Opinion by: Yat Siu, co-founder and executive chairman, Animoca Brands
In 2023, I gave a talk on the TED mainstage about the opportunity of Web3, the true meaning of the open metaverse and why digital property rights are fundamentally important.
Not long after that, Web3 and crypto began to suffer serious setbacks, putting my talk in a somewhat awkward position. As we enter 2025, I’d like to review how some of the open metaverse metrics I discussed back then have evolved since I gave that talk.
The year 2023 was a tumultuous one for Web3, with unprecedented confusion, uncertainty and the removal of significant names such as TerraUSD, Luna and FTX, which had, up to that point, been regarded as deities in the industry. It was times of troubles. Much of 2024 was similarly concerning: Lingering uncertainty affected the Web3 market economically and politically as late as the past summer.

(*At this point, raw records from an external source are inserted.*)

Lemma prefix_tuple_sub {S q s} t r :
  [set i in s] = S q -> prefix_tuple S q s t r \subset S r.
Proof.
move=> sSq; rewrite ffunE; case: ltnP => // _.
case: eqP => [->|_]; last exact: sub0set.
by rewrite -sSq; apply/subsetP => j; rewrite !inE; apply: mem_take.
Qed.

Lemma prefix_tuple_notin {S q s t} r i0 :
  kdisj S -> uniq s -> [set i in s] = S q -> (t < size s)%N ->
  nth i0 s t \notin prefix_tuple S q s t r.
Proof.
move=> /kdisjP dS us sSq ts; rewrite ffunE; case: ltnP => [rq|_].
  apply/negP => iSr; apply: (dS r q _ _ iSr); first by rewrite neq_ltn rq.
  by rewrite -sSq inE mem_nth.
case: eqP => _; last by rewrite inE.
by rewrite inE in_take ?mem_nth // index_uniq // ltnn.
Qed.

End KTuples.

Section FilterLoss.
Context {R : realFieldType} {n k : nat}.
Variable g : ktuple n k -> R.
Hypothesis gsub : ksubmodular g.
Variable K : 'I_k -> 'I_n -> bool.

Definition kfilter_loss (T : ktuple n k) : R := g T - g (kfilter K T).

Lemma kfilter_loss_kadd {T} q i : kdisj T -> (forall r, i \notin T r) ->
  kfilter_loss (kadd T q i) <= kfilter_loss T + kmarg g q i T * (~~ K q i)%:R.
Proof.
move=> dT iT; rewrite /kfilter_loss kfilter_kadd.
case Kqi: (K q i); last by rewrite mulr1 /kmarg /kadd; lra.
have := kmarg_antitone q i gsub dT (kfilter_sub K T) iT.
by rewrite mulr0 /kmarg /kadd; lra.
Qed.

Variables (S : ktuple n k) (s : 'I_k -> seq 'I_n) (i0 : 'I_n).
Hypotheses (dS : kdisj S) (s_uniq : forall q, uniq (s q))
           (s_enum : forall q, [set i in s q] = S q).

Definition blocked_marginals q : R := \sum_(0 <= t < size (s q))
  kmarg g q (nth i0 (s q) t) (prefix_tuple S q (s q) t) * (~~ K q (nth i0 (s q) t))%:R.

Lemma kfilter_loss_block (q : 'I_k) :
  kfilter_loss (kprefix S q.+1) <= kfilter_loss (kprefix S q) + blocked_marginals q.
Proof.
rewrite /blocked_marginals -(prefix_tuple0 S q (s q)) -(prefix_tuple_size (s_enum q)).
elim: {-2}(size (s q)) (leqnn (size (s q))) => [|t IHt] ts.
  by rewrite big_geq // addr0.
rewrite big_nat_recr //= (prefix_tuple_succ i0 ts).
have Ti := kfilter_loss_kadd q (nth i0 (s q) t)
  (kdisj_sub dS (fun r => prefix_tuple_sub t r (s_enum q)))
  (fun r => prefix_tuple_notin r i0 dS (s_uniq q) (s_enum q) ts).
have := IHt (ltnW ts); lra.
Qed.

Lemma kfilter_loss_kprefix m : (m <= k)%N ->
  kfilter_loss (kprefix S m) <= \sum_(q : 'I_k | (q < m)%N) blocked_marginals q.
Proof.
elim: m => [|m IHm] mk.
  by rewrite kprefix0 /kfilter_loss kfilter_kempty subrr big_pred0.
rewrite (bigD1 (Ordinal mk)) //= (eq_bigl (fun q : 'I_k => (q < m)%N)); last first.
  by move=> q; rewrite ltnS -val_eqE /= ltn_neqAle andbC.
have := kfilter_loss_block (Ordinal mk); have := IHm (ltnW mk); lra.
Qed.

Lemma kfilter_loss_le_sum : kfilter_loss S <= \sum_(q : 'I_k) blocked_marginals q.
Proof.
rewrite -(kprefix_all S) (eq_bigl (fun q : 'I_k => (q < k)%N)) => [|q].
  exact: kfilter_loss_kprefix.
by rewrite ltn_ord.
Qed.

End FilterLoss.

Section Follower.
Context {R : realFieldType} {n k : nat} {D : 'I_k -> nat} {xi : 'I_n -> bool}.
Implicit Types (f : ktuple n k -> R) (x : 'I_k -> 'I_n -> bool) (S : ktuple n k).

Lemma follower_feasible_kempty x : follower_feasible D xi x (kempty n k).
Proof.
apply/andP; split; [apply/andP; split|].
- by apply/kdisjP => r r' j _; rewrite ffunE inE.
- by apply/forallP => q; apply/forallP => i; rewrite ffunE inE.
- by apply/forallP => q; rewrite ffunE cards0.
Qed.

Lemma Qval_ge f {x S} : follower_feasible D xi x S -> f S <= Qval D xi f x.
Proof. exact: le_bigmax_cond. Qed.

Lemma Qval_optimal {f x S} : optimal D xi f x S -> Qval D xi f x = f S.
Proof.
case=> fS Sopt; apply/le_anti/andP; split; last exact: Qval_ge.
by apply: bigmax_le => [|S' /Sopt //]; apply/Sopt/follower_feasible_kempty.
Qed.

Lemma follower_feasible_unblocked {x'} x {S} :
  follower_feasible D xi x' S ->
  follower_feasible D xi x (kfilter (fun q i => ~~ (x q i && xi i)) S).
Proof.
case/andP=> /andP[dS _] /forallP cardS; apply/andP; split; [apply/andP; split|].
- exact: kdisj_sub dS (kfilter_sub _ _).
- by apply/forallP => q; apply/forallP => i; apply/implyP; rewrite in_kfilter => /andP[].
- by apply/forallP => q; apply: leq_trans (cardS q); apply/subset_leq_card/kfilter_sub.
Qed.

End Follower.

Lemma Qval_sub_marginals_le (R : realFieldType) n k (D : 'I_k -> nat)
  (xi : 'I_n -> bool) (f : ktuple n k -> R) xhat (Shat : ktuple n k)
  (s : 'I_k -> seq 'I_n) x i0 :
  ksubmodular f -> optimal D xi f xhat Shat ->
  (forall q, uniq (s q) /\ [set i in s q] = Shat q) ->
  Qval D xi f xhat
    - \sum_(q : 'I_k) blocked_marginals f (fun q i => ~~ (x q i && xi i)) Shat s i0 q
  <= Qval D xi f x.
Proof.
move=> fsub Sopt hs; rewrite (Qval_optimal Sopt).
have [fS _] := Sopt; have /andP[/andP[dS _] _] := fS.
have := Qval_ge f (follower_feasible_unblocked x fS).
have := kfilter_loss_le_sum _ fsub (fun q i => ~~ (x q i && xi i)) _ _ i0 dS
  (fun q => (hs q).1) (fun q => (hs q).2).
rewrite /kfilter_loss; lra.
Qed.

Fortunately, the situation has improved substantially; after weathering a recession, difficult macroeconomic conditions, a crypto winter, major scandals and collapses and significant political certainty around its future, the Web3 industry emerged not only more substantial and more focused but also able for the first time, to attract significant institutional support for digital assets from the likes of BlackRock, VanEck and others.
What is the open metaverse?
As I explained in my TED talk, at Animoca Brands, we do not subscribe to traditional ideas of the metaverse, such as an immersive 3D virtual reality construct with sensory stimulation. Not because these technologies aren’t interesting (they are!) but because we don’t believe that the access interfaces to the metaverse should be confused with the metaverse itself.
We define the open metaverse as the collected decentralized experiences that grant their participants and holders property rights that are generally unavailable in previous versions of the internet. The innovation that underlies the open metaverse is digital ownership. Digital ownership is made possible by Web3 and…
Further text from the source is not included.